Leo Tolstoy, The Kingdom of God is Within You
Like Dostoevsky, Tolstoy’s work can be periodized based on the author’s life experiences and interests at any given moment. But what distinguishes the latter is a constant willingness to explore the social and political dimensions of life and subject them to critique and calls for change. This runs from Tolstoy’s early criticisms of violence in the Sevastopol Sketches, based on his experiences fighting in the Crimean War through epic works like War and Peace. Much of his work demonstrates a serious disdain for the elitism of Russian society, which he initially benefitted from as a member of the nobility.

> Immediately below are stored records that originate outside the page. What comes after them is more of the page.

Lemma rising_pos k x : 0 < x -> 0 < rising k x.
Proof.
  intros Hx. induction k as [|k IHk]; cbn [rising]; [exact Hx|].
  pose proof (pos_INR (S k)). apply Rmult_lt_0_compat; lra.
Qed.

Lemma rising_shift k x : rising k (x + 1) * x = rising (S k) x.
Proof.
  induction k as [|k IHk]; [simpl; ring|].
  change (rising (S k) (x + 1) * x = rising (S k) x * (x + INR (S (S k)))).
  cbn [rising] in *. rewrite <- IHk, !S_INR. ring.
Qed.

Lemma rising_INR_fact k n : rising k (INR (S n)) * INR (fact n) = INR (fact (S n + k)).
Proof.
  induction k as [|k IHk].
  - rewrite Nat.add_0_r, fact_simpl, mult_INR. reflexivity.
  - cbn [rising]. replace (S n + S k)%nat with (S (S n + k)) by lia.
    rewrite fact_simpl, mult_INR, <- IHk, (S_INR (S n + k)), plus_INR, !S_INR. ring.
Qed.

Definition alt_binom_frac (k : nat) (x : R) : R :=
  fsum 0 k (fun r => (-1) ^ r * INR (binom k r) / (x + INR r)).

Lemma alt_binom_frac_S k x : 0 < x ->
  alt_binom_frac (S k) x = alt_binom_frac k x - alt_binom_frac k (x + 1).
Proof.
  intros Hx. unfold alt_binom_frac.
  set (g r := (-1) ^ r * INR (match r with O => 0%nat | S r' => binom k r' end) / (x + INR r)).
  transitivity (fsum 0 (S k) (fun r => (-1) ^ r * INR (binom k r) / (x + INR r))
                + fsum 0 (S k) g).
  { rewrite <- fsum_plus. apply fsum_ext. intros [|r] _; unfold g.
    - rewrite !binom_0. simpl. field. lra.
    - simpl binom at 1. rewrite plus_INR. field. pose proof (pos_INR (S r)). lra. }
  rewrite fsum_last, binom_gt, (fsum_first 0 (S k) g) by lia.
  pose proof (fsum_shift 0 k 1 g) as Hshift. rewrite !Nat.add_1_r in Hshift.
  rewrite <- Hshift. unfold Rminus. rewrite <- fsum_opp.
  replace ((-1) ^ S k * INR 0 / (x + INR (S k))) with 0 by (simpl; unfold Rdiv; ring).
  replace (g 0%nat) with 0 by (unfold g; simpl; unfold Rdiv; ring).
  rewrite Rplus_0_r, Rplus_0_l. f_equal. apply fsum_ext. intros i _. unfold g.
  rewrite Nat.add_1_r, S_INR. simpl pow. field. pose proof (pos_INR i). lra.
Qed.

Lemma alt_binom_frac_closed k x : 0 < x -> alt_binom_frac k x = INR (fact k) / rising k x.
Proof.
  revert x. induction k as [|k IHk]; intros x Hx.
  - unfold alt_binom_frac. rewrite fsum_one. simpl. field. lra.
  - rewrite alt_binom_frac_S, !IHk by lra.
    pose proof (rising_pos k x Hx). pose proof (pos_INR k).
    assert (Hshift : rising k (x + 1) = rising k x * (x + INR (S k)) / x).
    { pose proof (rising_shift k x) as Hs. cbn [rising] in Hs. rewrite <- Hs. field. lra. }
    rewrite Hshift, fact_simpl, mult_INR, S_INR. cbn [rising]. rewrite S_INR.
    field. repeat split; lra.
Qed.

Lemma inv_binom_partial_fractions n k : (1 <= n)%nat -> (1 <= k)%nat ->
  / INR (binom (n + k) k) =
  fsum 1 k (fun r => (-1) ^ (r + 1) * INR r * INR (binom k r) / INR (n + r)).
Proof.
  intros Hn Hk. destruct n as [|n]; [lia|].
  set (x := INR (S n)). assert (Hx : 0 < x) by (apply lt_0_INR; lia).
  transitivity (x * alt_binom_frac k x).
  - rewrite alt_binom_frac_closed, INR_binom by (lia || lra). unfold Binomial.C.
    replace (S n + k - k)%nat with (S n) by lia. rewrite <- rising_INR_fact.
    pose proof (rising_pos k x Hx). pose proof (INR_fact_lt_0 n). pose proof (INR_fact_lt_0 k).
    unfold x. rewrite fact_simpl, mult_INR. fold x. field. repeat split; lra.
  - (* [x / (x + r) = 1 - r / (x + r)], and the constant parts cancel by [alt_binom_sum] *)
    unfold alt_binom_frac. rewrite <- fsum_scal_l.
    transitivity (fsum 0 k (fun r => - ((-1) ^ r * INR (binom k r))
                                     + x * ((-1) ^ r * INR (binom k r) / (x + INR r)))).
    { rewrite fsum_plus, fsum_opp, alt_binom_sum by lia. ring. }
    rewrite (fsum_first 0 k) by lia.
    replace (- ((-1) ^ 0 * INR (binom k 0)) + x * ((-1) ^ 0 * INR (binom k 0) / (x + INR 0)))
      with 0 by (rewrite binom_0; simpl; field; lra).
    rewrite Rplus_0_l. apply fsum_ext. intros r Hr. rewrite plus_INR, pow_add. fold x.
    pose proof (pos_INR r). field. lra.
Qed.

(** * Convergence of the series [T] *)

Lemma Hq_nonneg n q : 0 <= Hq n q.
Proof.
  rewrite <- (fsum_zero 1 n (fun _ => 0)) by reflexivity.
  apply fsum_le. intros i Hi. apply powerRZ_le, lt_0_INR. lia.
Qed.

Lemma powerRZ_le_pow x z l : 1 <= x -> (z <= Z.of_nat l)%Z -> powerRZ x z <= x ^ l.
Proof.
  intros Hx Hz. rewrite pow_powerRZ.
  replace (Z.of_nat l) with (z + Z.of_nat (Z.to_nat (Z.of_nat l - z)))%Z by lia.
  rewrite powerRZ_add, <- pow_powerRZ by lra.
  pose proof (powerRZ_lt x z ltac:(lra)).
  pose proof (pow_R1_Rle x (Z.to_nat (Z.of_nat l - z)) Hx). nra.
Qed.

Lemma Hq_le_pow_mul_H1 n q l : (1 - Z.of_nat l <= q)%Z -> Hq n q <= INR n ^ l * Hq n 1.
Proof.
  intros Hq'. unfold Hq. rewrite <- fsum_scal_l. apply fsum_le. intros j Hj.
  assert (Hj1 : 1 <= INR j) by (apply (le_INR 1); lia).
  replace (- q)%Z with (-1 + (1 - q))%Z by lia. rewrite powerRZ_add by lra.
  rewrite (Rmult_comm (INR n ^ l)). apply Rmult_le_compat_l; [apply powerRZ_le; lra|].
  apply Rle_trans with (INR j ^ l); [apply powerRZ_le_pow; lia || lra|].
  apply pow_incr. split; [lra | apply le_INR; lia].
Qed.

In particular, Tolstoy is scathingly critical of the imperialist nationalism of his peers, seeing it as abetting narcissistic illusions about what made a people superior to others. War and Peace offers a deep critique of Napoleon which should resonate with many today. The Emperor of France is widely regarded as a universal genius, who uses reason and logic to enact his will across the world under the auspices of working on behalf of the French people. Tolstoy instead presents him as a small, vain man with none of the humane qualities and inclinations which truly makes someone worthy of respect. Napoleon’s conceited vision of himself as a genius mastering the world belies his actual powerlessness in the face of historical movements generated by billions of people and conceals the immense suffering he helps bring about. Tolstoy’s insights resonate beyond just one figure of course and have a lot to teach us today when post-modern conservative demagogues promote “America First” or “Take Back Control of Britain” agendas stoking the vanity and insularity of entire peoples to benefit themselves. He also draws our attention to how a fascination with the private individual and his or her singular acts of good or evil is inadequate. At best it is insufficient to truly rid the world of the ills that plague it, and, at worst, it leads to a narcissistic fascination which lies at the root of self-induced illusions.

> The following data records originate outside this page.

Lemma Phi_gmean_le_kant Ai G : is_inv_op A Ai -> is_gmean (Phi Ai) (Phi A) G ->
  loewner G (scal_op (H:=K) ((kant m M)%:C)%C).
Proof.
move=> Ainv [S [Si [Q [[S_pos SS] [Sinv [[Q_pos QQ] ->]]]]]].
have S_selfadj := posop_selfadj S_pos.
have Q_selfadj := posop_selfadj Q_pos.
have Si_selfadj := posop_selfadj (posop_inv S_pos Sinv).
apply: loewner_hipP (bounded_comp S_pos.1 (bounded_comp Q_pos.1 S_pos.1))
  (bounded_scal _ (bounded_id K)) _ => y.
rewrite /comp_op /sscal_op /idop S_selfadj.
set w := S y; set t := Num.sqrt (M * m).
have QwQw : hip (Q w) (Q w) = hip (Phi A y) y.
  by rewrite Q_selfadj QQ /comp_op -Si_selfadj /w Sinv.2.2 PA_selfadj.
have ww : hip w w = hip (Phi Ai y) y by rewrite /w -SS [RHS]S_selfadj.
have c_gt0 : 0 < (2 * t)%:C%C :> R[i] by rewrite ltcR mulr_gt0 // sqrtr_gt0.
rewrite -(pmulr_rge0 _ c_gt0).
have := addr_ge0 (Phi_bounds_inv_ge0 Ainv y) (hip_ge0 (Q w - t%:C%C *: w)).
move/le_trans; apply; le_by_identity.
rewrite [RHS]mulrBr hipZl (mulrA (2 * t)%:C%C) kant_sqrtC.
rewrite hipBl !hipBr !hipZl !hipZr QwQw ww -Q_selfadj conjc_real.
have -> : (M * m)%:C%C = t%:C%C * t%:C%C :> R[i].
  by rewrite -rmorphM -expr2 sqr_sqrtr ?ltW.
rewrite !(rmorphD, rmorphB, rmorphM, rmorphN, rmorphXn) /=.
ring.
Qed.

End Kantorovich.

Theorem mainTheorem2 (R : realType) (H : Hilbert R) (A : H -> H) (m M : R) :
  bounded_op A -> 0 < m -> m < M ->
  loewner (scal_op (H:=H) (m%:C)%C) A -> loewner A (scal_op (H:=H) (M%:C)%C) ->
  let k := kant m M in
  let P1 := forall (K : Hilbert R) (Phi : (H -> H) -> (K -> K)),
      unital_pos_linear Phi ->
      forall Ai Pi, is_inv_op A Ai -> is_inv_op (Phi A) Pi ->
      loewner (Phi Ai) (sscal_op ((k ^+ 2)%:C)%C Pi) in
  let P2 := forall (K : Hilbert R) (Phi : (H -> H) -> (K -> K)),
      unital_pos_linear Phi ->
      forall Ai, is_inv_op A Ai ->
      forall x : K, hnorm x = 1 ->
      hip (Phi Ai x) x <= ((k ^+ 2)%:C)%C * (hip (Phi A x) x)^-1 in
  let P3 := forall (K : Hilbert R) (Phi : (H -> H) -> (K -> K)),
      unital_pos_linear Phi ->
      forall Ai G, is_inv_op A Ai -> is_gmean (Phi Ai) (Phi A) G ->
      loewner G (scal_op (H:=K) (k%:C)%C) in
  let P4 := forall (K : Hilbert R) (Phi : (H -> H) -> (K -> K)),
      unital_pos_linear Phi ->
      loewner (Phi (comp_op A A)) (sscal_op ((k ^+ 2)%:C)%C (comp_op (Phi A) (Phi A))) in
  (P1 <-> P2) /\ (P1 <-> P3) /\ (P1 <-> P4).
Proof.
move=> bA m_gt0 m_lt_M m_le_A A_le_M k P1 P2 P3 P4.
have p1 : P1 by move=> K Phi Phi_upl Ai Pi; apply: Phi_inv_le_kant.
have p2 : P2 by move=> K Phi Phi_upl Ai; apply: Phi_inv_hip_le_kant.
have p3 : P3 by move=> K Phi Phi_upl Ai G; apply: Phi_gmean_le_kant.
have p4 : P4 by move=> K Phi Phi_upl; apply: Phi_sqr_le_kant.
by split; [split=> _ | split; split=> _].
Qed.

Tolstoy’s criticisms were animated by a profound compassion for the poor of the world, who did most of the actual working and fighting their masters benefited from. He was especially concerned by the plight of the Russian serfs, who were little better than slaves eking out a dreary existence supporting the luxuries of their masters. After his mid-life crisis where Tolstoy reflected on the meaning of existence, well-traced in his beautiful A Confession, he came to adopt a radical Christian perspective that the meaning of life lay in the effort to bring about a world of truly universal love. Here, Tolstoy’s own Christian existential orientation complements and contrasts nicely with Dostoevsky. Both of them came to see religion as necessary to providing meaning to life. But while Dostoevsky turned towards religious conservatism and traditionalism, particularly an emphasis on private acts of kindness at the expense of social agitation, Tolstoy reached a very different conclusion. To truly find meaning in one’s life, it was necessary to combat the great social evils of the day. This would be a powerful message inspiring reformers from Gandhi to Martin Luther King Jr.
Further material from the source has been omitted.